Was Jesus born between 6 and 11 BC?

The census narrative, like the massacre of the infants one, is fictional. They are storytelling vehicles for getting Jesus to fulfill messianic prophecies.

Specifically, Micah had clearly prophesized that the Messiah would be born in Bethlehem. But it was well known that Jesus was from Nazareth in Galilee. Matthew and Luke both invented stories to address this problem, but they were completely different. (In fact the two stories of Jesus’ birth hardly agree at a single point, other than the identity of his parents.) Matthew’s story was that Jesus was born in Bethlehem (he doesn’t mention that this was anywhere other than where you’d expect, his family’s home), the wise men came to see the baby, Herod heard of this and ordered the slaughter of the innocents, from which Joseph and his family fled to Egypt. When they returned after Herod died, they were afraid to return to Bethlehem so they moved to Nazareth. Luke, who apparently hadn’t read Matthew’s version, told the story of the census, which required everyone to return to his ancestral city, and thus explains why Joseph and Mary, who lived in Nazareth, were in Bethlehem when Jesus was born. Asimov addresses the census story bluntly in Asimov’s Guide to the Bible:

–Mark

Yes, but only the short form.

Isaac Asimov isn’t exactly considered a reliable source, even among nontheistic historians.

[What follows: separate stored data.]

Lemma sum_mul_divn a d : coprime a d ->
  2 * \sum_(0 <= m < a) m * d %/ a = (a - 1) * (d - 1).
Proof.
move=> co_ad; have [-> | a_gt0] := posnP a; first by rewrite big_geq.
have sum_id n : 2 * \sum_(0 <= m < n) m = n * (n - 1).
  elim: n => [|n IH]; first by rewrite big_geq.
  by rewrite big_nat_recr //= mulnDr IH !subn1; case: n {IH} => [|n] //=; lia.
have sum_mod : \sum_(0 <= m < a) m * d %% a = \sum_(0 <= m < a) m.
  rewrite -(big_map (fun m => m * d %% a) xpredT id); apply: perm_big.
  rewrite /index_iota subn0.
  apply: perm_iota_modn => m m' lt_ma lt_m'a /(eq_modMr_coprime co_ad).
  by rewrite !modn_small.
have sum_div : \sum_(0 <= m < a) m * d =
               a * \sum_(0 <= m < a) m * d %/ a + \sum_(0 <= m < a) m.
  rewrite -sum_mod big_distrr -big_split; apply: eq_bigr => m _.
  by rewrite /= (mulnC a) -divn_eq.
rewrite -big_distrl /= in sum_div.
have := sum_id a; nia.
Qed.

Section AperySet.

Variables (A : seq nat) (a : nat) (w : nat -> nat).
Hypothesis a_gt0 : 0 < a.
Hypothesis a_in_A : a \in A.
Hypothesis w_inj : forall m m', m < a -> m' < a -> w m = w m' %[mod a] -> m = m'.
Hypothesis w_repr : forall m, m < a -> representable A (w m).
Hypothesis w_min :
  forall m n, m < a -> n = w m %[mod a] -> representable A n -> w m <= n.

Lemma apery_class n : exists2 m, m < a & n = w m %[mod a].
Proof.
have : n %% a \in [seq w m %% a | m <- iota 0 a].
  by rewrite (perm_mem (perm_iota_modn w_inj)) mem_iota ltn_pmod.
by case/mapP=> m; rewrite mem_iota add0n => lt_ma eq_nw; exists m.
Qed.

Lemma NR_apery m n : m < a -> n = w m %[mod a] -> NR A n <-> n < w m.
Proof.
move=> lt_ma eq_nw; split=> [NRn | lt_nw rep_n].
  rewrite ltnNge; apply/negP=> le_wn; apply: NRn.
  have /dvdnP[q eq_q] : a %| n - w m by rewrite -eqn_mod_dvd // eq_nw.
  rewrite -(subnK le_wn) eq_q; apply: representableD (w_repr lt_ma).
  exact/representableM/representable_mem.
by have := w_min lt_ma eq_nw rep_n; rewrite leqNgt lt_nw.
Qed.

Lemma NR_add_leq_apery m n : m < a -> n = w m %[mod a] -> NR A n -> n + a <= w m.
Proof.
move=> lt_ma eq_nw NRn; have lt_nw := (NR_apery lt_ma eq_nw).1 NRn.
have dvd_a : a %| w m - n by rewrite -eqn_mod_dvd 1?ltnW // eq_nw.
by have := dvdn_leq (_ : 0 < w m - n) dvd_a; lia.
Qed.

Lemma frobenius_apery m : m < a -> a <= w m ->
  (forall m', m' < a -> w m' <= w m) -> is_frobenius A (w m - a).
Proof.
move=> lt_ma le_aw w_max; split.
  apply/(NR_apery lt_ma); last by rewrite ltn_subrL a_gt0 (leq_trans a_gt0).
  by rewrite -(modnDr (w m - a)) subnK.
move=> n NRn; have [m' lt_m'a eq_n] := apery_class n.
have := NR_add_leq_apery lt_m'a eq_n NRn; have := w_max _ lt_m'a; lia.
Qed.

Lemma genus_apery : is_genus A (\sum_(0 <= m < a) w m %/ a).
Proof.
set L := [seq w m %% a + a * i | m <- iota 0 a, i <- iota 0 (w m %/ a)].
have mod_L m i : (w m %% a + a * i) %% a = w m %% a.
  by rewrite mulnC addnC modnMDl modn_mod.
exists L; split; [|split].
- apply: allpairs_uniq_dep => [|m _|]; rewrite ?iota_uniq // => -[? ?] [? ?].
  move=> /allpairsPdep[m1 [i1 [m1_in _ [-> ->]]]].
  move=> /allpairsPdep[m2 [i2 [m2_in _ [-> ->]]]] /= eq_L.
  rewrite !mem_iota /= in m1_in m2_in.
  have eq_m : m1 = m2 by apply: w_inj; rewrite // -(mod_L m1 i1) eq_L mod_L.
  by subst m2; move/eqP: eq_L; rewrite eqn_add2l eqn_mul2l eqn0Ngt a_gt0 => /eqP->.
- move=> n; split.
    case/allpairsPdep=> m [i [m_in i_in ->]].
    rewrite !mem_iota /= !add0n in m_in i_in.
    apply/(NR_apery m_in); first by rewrite mod_L.
    by have := divn_eq (w m) a; nia.
  move=> NRn; have [m lt_ma eq_n] := apery_class n.
  have lt_nw := (NR_apery lt_ma eq_n).1 NRn.
  apply/allpairsPdep; exists m, (n %/ a); rewrite !mem_iota /=; split=> //.
    by have := divn_eq n a; have := divn_eq (w m) a; nia.
  by rewrite -eq_n mulnC addnC -divn_eq.
- rewrite size_allpairs_dep sumnE big_map /index_iota subn0.
  by apply: eq_bigr => m _; rewrite size_iota.
Qed.

End AperySet.

(* The least number of parts of a partition of m into odd parts at most 2k+1,
   i.e. the least j >= m / (2k+1) with j = m (mod 2). *)
Definition min_parts k m :=
  let c := (m + 2 * k) %/ (2 * k + 1) in c + odd (c + m).

Lemma ceil_div_bounds k m :
  m <= (m + 2 * k) %/ (2 * k + 1) * (2 * k + 1) <= m + 2 * k.
Proof.
have := divn_eq (m + 2 * k) (2 * k + 1).
have : (m + 2 * k) %% (2 * k + 1) < 2 * k + 1 by rewrite ltn_pmod // addn1.
lia.
Qed.

Lemma min_parts_spec k m :
  exists2 u, m = min_parts k m + 2 * u & u <= k * min_parts k m.
Proof.
have := ceil_div_bounds k m; rewrite /min_parts.
set c := _ %/ _ => c_bounds.
have le_cm : c <= m by nia.
exists ((m - c - odd (c + m)) %/ 2); lia.
Qed.

Lemma min_parts_min k m j u : m = j + 2 * u -> u <= k * j -> min_parts k m <= j.
Proof.
have := ceil_div_bounds k m; rewrite /min_parts.
set c := _ %/ _ => c_bounds eq_m le_u.
have lt_cj : c < j.+1 by rewrite -(ltn_pmul2r (_ : 0 < 2 * k + 1)) //; nia.
lia.
Qed.

Lemma min_parts_leq k m j : m + 2 * k + 1 <= (2 * k + 1) * j -> min_parts k m <= j.
Proof.
have := ceil_div_bounds k m; rewrite /min_parts.
set c := _ %/ _ => c_bounds le_m.
have lt_cj : c < j by rewrite -(ltn_pmul2r (_ : 0 < 2 * k + 1)) //; nia.
lia.
Qed.

Lemma min_parts_leqSS k m : min_parts k m <= min_parts k m.+2.
Proof.
have [u eq_m le_u] := min_parts_spec k m.+2.
case: u eq_m le_u => [|u] eq_m le_u; first by have [v ? _] := min_parts_spec k m; lia.
by apply: (min_parts_min (u := u)); lia.
Qed.

Lemma min_parts_gt0 k m : 0 < m -> 0 < min_parts k m.
Proof. by have [u eq_m le_u] := min_parts_spec k m; nia. Qed.

Lemma min_parts0 k : min_parts k 0 = 0.
Proof. by have [u] := min_parts_spec k 0; lia. Qed.

Lemma min_parts_block k q r :
  r < 2 * k + 1 -> min_parts k ((2 * k + 1) * q + 1 + r) = q + 1 + odd r.
Proof.
move=> lt_r; rewrite /min_parts.
have -> : ((2 * k + 1) * q + 1 + r + 2 * k) %/ (2 * k + 1) = q + 1.
  rewrite (_ : _ + 2 * k = (q + 1) * (2 * k + 1) + r); last by lia.
  by rewrite divnMDl ?divn_small ?addn0 // addn1.
lia.
Qed.

Lemma sum_min_parts_block k q r : r <= 2 * k + 1 ->
  \sum_(0 <= m < (2 * k + 1) * q + 1 + r) min_parts k m =
  \sum_(0 <= m < (2 * k + 1) * q + 1) min_parts k m + r * (q + 1) + r./2.
Proof.
elim: r => [|r IH] le_r; first by rewrite !addn0.
by rewrite addnS big_nat_recr //= IH 1?ltnW // min_parts_block //; lia.
Qed.

Lemma sum_min_parts k q r : r <= 2 * k + 1 ->
  2 * \sum_(0 <= m < (2 * k + 1) * q + 1 + r) min_parts k m =
  (2 * k + 1) * q * (q + 1) + 2 * k * q + 2 * (r * (q + 1) + r./2).
Proof.
move=> le_r; rewrite sum_min_parts_block //.
suff full : 2 * \sum_(0 <= m < (2 * k + 1) * q + 1) min_parts k m =
            (2 * k + 1) * q * (q + 1) + 2 * k * q by lia.
elim: q => [|q IH]; first by rewrite muln0 add0n big_nat1 min_parts0; lia.
rewrite (_ : _ * q.+1 + 1 = (2 * k + 1) * q + 1 + (2 * k + 1)); last by ring.
by rewrite sum_min_parts_block // !mulnDr IH; lia.
Qed.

While the story is garbled, many historians believe is quite possible and even plausible. The odds that a young mother might give birth (perhaps before it was expected) while travelling is hardly impossible. It’s certainly been garbled, but of course the reason they would have been travelling was rather less important to the writers than why. Given that Joseph may have been born in Bethlehem, and possibly owned property in or near there, there need be no great mystery about it.

Indeed, it’s by no means certain that Joseph and Mary lived in Nazareth before the birth of Jesus.

The question I was addressing was whether there was a census as described in Luke. I hope we can agree that there was no such census (regardless of ad hominem attacks on Asimov). Likewise, it’s highly unlikely, though not quite as unlikely as the census, that the slaughter of the innocents ever happened. It seems much more plausible that the two writers created these stories out of whole cloth to match the prophesy, than that an actual event was “garbled” into two such disparate stories.

–Mark

There is NO historical account of the slaughter of the innocents. Absolutely none whatsoever.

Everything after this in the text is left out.